ABOUT THIS EXERCISE:
Count every line in the entries that contains "exists". Report that count alone.

(Saved data entries)
Lemma bformDm n (M1 M2 : 'M[R]_n) u v :
  bform (M1 + M2) u v = bform M1 u v + bform M2 u v.
Proof. by rewrite /bform mulmxDr mulmxDl mxE. Qed.

Lemma bformZm n k (M : 'M[R]_n) u v : bform (k *: M) u v = k * bform M u v.
Proof. by rewrite /bform -scalemxAr -scalemxAl mxE. Qed.

Lemma bformE n (M : 'M[R]_n) u v :
  bform M u v = \sum_i \sum_j u i 0 * M i j * v j 0.
Proof.
rewrite /bform mxE exchange_big /=; apply: eq_bigr => j _.
by rewrite mxE mulr_suml; apply: eq_bigr => i _; rewrite mxE.
Qed.

Lemma bform_rank1 n (u w v v' : 'cV[R]_n) :
  bform (u *m w^T) v v' = (v^T *m u) 0 0 * (w^T *m v') 0 0.
Proof. by rewrite /bform -!mulmxA (mulmxA v^T) [LHS]mxE big_ord1. Qed.

Lemma bform_deltal n (M : 'M[R]_n) p v :
  bform M v (delta_mx p 0) = (v^T *m col p M) 0 0.
Proof. by rewrite /bform -mulmxA -colE. Qed.

Lemma bform_delta n (M : 'M[R]_n) (i j : 'I_n) :
  bform M (delta_mx i 0) (delta_mx j 0) = M i j.
Proof. by rewrite /bform -mulmxA -colE trmx_delta -rowE !mxE. Qed.

Lemma psdmx_bform_ge0 n (M : 'M[R]_n) u : psdmx M -> 0 <= bform M u u.
Proof. by case=> _; apply. Qed.

Lemma discr_le (a b c : R) : 0 <= c ->
  (forall l, 0 <= a + 2 * b * l + c * l ^+ 2) -> b ^+ 2 <= a * c.
Proof.
move=> c_ge0 H; have [c_gt0|] := ltrP 0 c.
  have := H (- b / c).
  have -> : a + 2 * b * (- b / c) + c * (- b / c) ^+ 2 = (a * c - b ^+ 2) / c.
    by field; rewrite gt_eqF.
  by rewrite pmulr_lge0 ?invr_gt0 // subr_ge0.
move=> c_le0; have c0 : c = 0 by apply/eqP; rewrite eq_le c_le0 c_ge0.
subst c; rewrite mulr0; have [->|b_neq0] := eqVneq b 0; first by rewrite expr0n.
have := H (- (a + 1) / (2 * b)).
have -> : a + 2 * b * (- (a + 1) / (2 * b)) + 0 * (- (a + 1) / (2 * b)) ^+ 2 = -1.
  by field.
by rewrite ler0N1.
Qed.

Lemma psdmx_cauchy_schwarz n (M : 'M[R]_n) u v : psdmx M ->
  bform M u v ^+ 2 <= bform M u u * bform M v v.
Proof.
move=> hM; apply: discr_le; first exact: psdmx_bform_ge0.
move=> l; have := psdmx_bform_ge0 (u + l *: v) hM.
rewrite !bformDl !bformDr !bformZl !bformZr (bformC v u hM.1); lra.
Qed.

End BilinearForms.

Section TraceInnerProduct.
Variable R : rcfType.
Implicit Types (n : nat).

Lemma tipC n (P Z : 'M[R]_n) : tip P Z = tip Z P.
Proof. by apply: eq_bigr => i _; apply: eq_bigr => j _; rewrite mulrC. Qed.

Lemma tipDl n (P Q Z : 'M[R]_n) : tip (P + Q) Z = tip P Z + tip Q Z.
Proof.
rewrite /tip -big_split; apply: eq_bigr => i _; rewrite -big_split.
by apply: eq_bigr => j _; rewrite mxE mulrDl.
Qed.

Lemma tipZl n k (P Z : 'M[R]_n) : tip (k *: P) Z = k * tip P Z.
Proof.
rewrite /tip mulr_sumr; apply: eq_bigr => i _; rewrite mulr_sumr.
by apply: eq_bigr => j _; rewrite mxE mulrA.
Qed.

Lemma tip0l n (Z : 'M[R]_n) : tip 0 Z = 0.
Proof. by rewrite -(scale0r 0) tipZl mul0r. Qed.

Lemma tipDr n (P Q Z : 'M[R]_n) : tip Z (P + Q) = tip Z P + tip Z Q.
Proof. by rewrite !(tipC Z) tipDl. Qed.

Lemma tipZr n k (P Z : 'M[R]_n) : tip Z (k *: P) = k * tip Z P.
Proof. by rewrite !(tipC Z) tipZl. Qed.

Lemma tipNr n (P Z : 'M[R]_n) : tip Z (- P) = - tip Z P.
Proof. by rewrite -scaleN1r tipZr mulN1r. Qed.

Lemma tip_suml n I (r : seq I) (F : I -> 'M[R]_n) Z :
  tip (\sum_(i <- r) F i) Z = \sum_(i <- r) tip (F i) Z.
Proof.
by apply: (big_morph (fun P => tip P Z)) => [P Q|]; rewrite ?tipDl ?tip0l.
Qed.

Lemma tip_rank1 n (P : 'M[R]_n) u : tip P (u *m u^T) = bform P u u.
Proof.
rewrite bformE; apply: eq_bigr => i _; apply: eq_bigr => j _.
by rewrite mxE big_ord1 !mxE; ring.
Qed.

End TraceInnerProduct.

Section PsdDecomposition.
Variable R : rcfType.
Implicit Types (n : nat).

Lemma symmx_entry n (M : 'M[R]_n) i j : symmx M -> M j i = M i j.
Proof. by move=> hM; rewrite -{1}hM mxE. Qed.

Lemma psdmx_diag0_row n (Z : 'M[R]_n) p j : psdmx Z -> Z p p = 0 -> Z p j = 0.
Proof.
move=> hZ Zpp0; have := psdmx_cauchy_schwarz (delta_mx p 0) (delta_mx j 0) hZ.
rewrite !bform_delta Zpp0 mul0r => h.
by apply/eqP; rewrite -sqrf_eq0 eq_le h sqr_ge0.
Qed.

(* Symmetric Gaussian elimination at the pivot [p]; row and column [p] of the
   result vanish (deflateE). *)
Lemma psdmx_deflate n (Z : 'M[R]_n) p : psdmx Z -> 0 < Z p p ->
  psdmx (Z - (Z p p)^-1 *: (col p Z *m (col p Z)^T)).
Proof.
move=> hZ Zpp_gt0; have hZs := hZ.1; split.
  by rewrite /symmx raddfB /= linearZ /= trmx_mul trmxK hZs.
move=> v; rewrite -/(bform _ v v) bformDm -scaleNr bformZm bform_rank1.
rewrite [((col p Z)^T *m v) 0 0]dotmxC -bform_deltal -expr2.
have := psdmx_cauchy_schwarz v (delta_mx p 0) hZ; rewrite bform_delta.
rewrite mulNr subr_ge0 ler_pdivrMl //; lra.
Qed.

Lemma deflateE n (Z : 'M[R]_n) p i j :
  (Z - (Z p p)^-1 *: (col p Z *m (col p Z)^T)) i j
  = Z i j - (Z p p)^-1 * (Z i p * Z j p).
Proof. by rewrite !mxE big_ord1 !mxE. Qed.

Lemma scale_rank1 n (k : R) (u : 'cV[R]_n) : 0 <= k ->
  k *: (u *m u^T) = (Num.sqrt k *: u) *m (Num.sqrt k *: u)^T.
Proof.
move=> k_ge0; rewrite linearZ /= -scalemxAl -scalemxAr scalerA -expr2.
by rewrite sqr_sqrtr.
Qed.

Lemma psdmx_sum_rank1 n (Z : 'M[R]_n) : psdmx Z ->
  exists us : seq 'cV[R]_n, Z = \sum_(u <- us) u *m u^T.
Proof.
have key m : (m <= n)%N -> forall Y : 'M[R]_n, psdmx Y ->
    (forall i j : 'I_n, (m <= i)%N -> Y i j = 0) ->
    exists us : seq 'cV[R]_n, Y = \sum_(u <- us) u *m u^T.
  elim: m => [_ Y _ Y0|m IH lt_mn Y hY Y0].
    by exists [::]; rewrite big_nil; apply/matrixP => i j; rewrite mxE Y0.
  pose p := Ordinal lt_mn.
  have rows_ge (i : 'I_n) : (m <= i)%N -> i = p \/ (m.+1 <= i)%N.
    rewrite leq_eqVlt => /orP[/eqP mi|]; last by right.
    by left; apply: val_inj.
  have [Ypp0|Ypp_neq0] := eqVneq (Y p p) 0.
    apply: (IH (ltnW lt_mn) Y hY) => i j /rows_ge[-> | /Y0 //].
    exact: psdmx_diag0_row.
  have Ypp_gt0 : 0 < Y p p.
    by rewrite lt_def Ypp_neq0 -bform_delta psdmx_bform_ge0.
  have [|us defY'] := IH (ltnW lt_mn) _ (psdmx_deflate hY Ypp_gt0).
    move=> i j /rows_ge[->|m1_le_i].
      rewrite deflateE (symmx_entry _ _ hY.1); field; exact: Ypp_neq0.
    by rewrite deflateE !(Y0 i) // mul0r mulr0 subr0.
  exists (Num.sqrt (Y p p)^-1 *: col p Y :: us).
  by rewrite big_cons -scale_rank1 ?invr_ge0 ?ltW // -defY' addrC subrK.
by move=> hZ; apply: (key n (leqnn n) Z hZ) => i j; rewrite leqNgt ltn_ord.
Qed.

OUTPUT OF THE EXERCISE:
4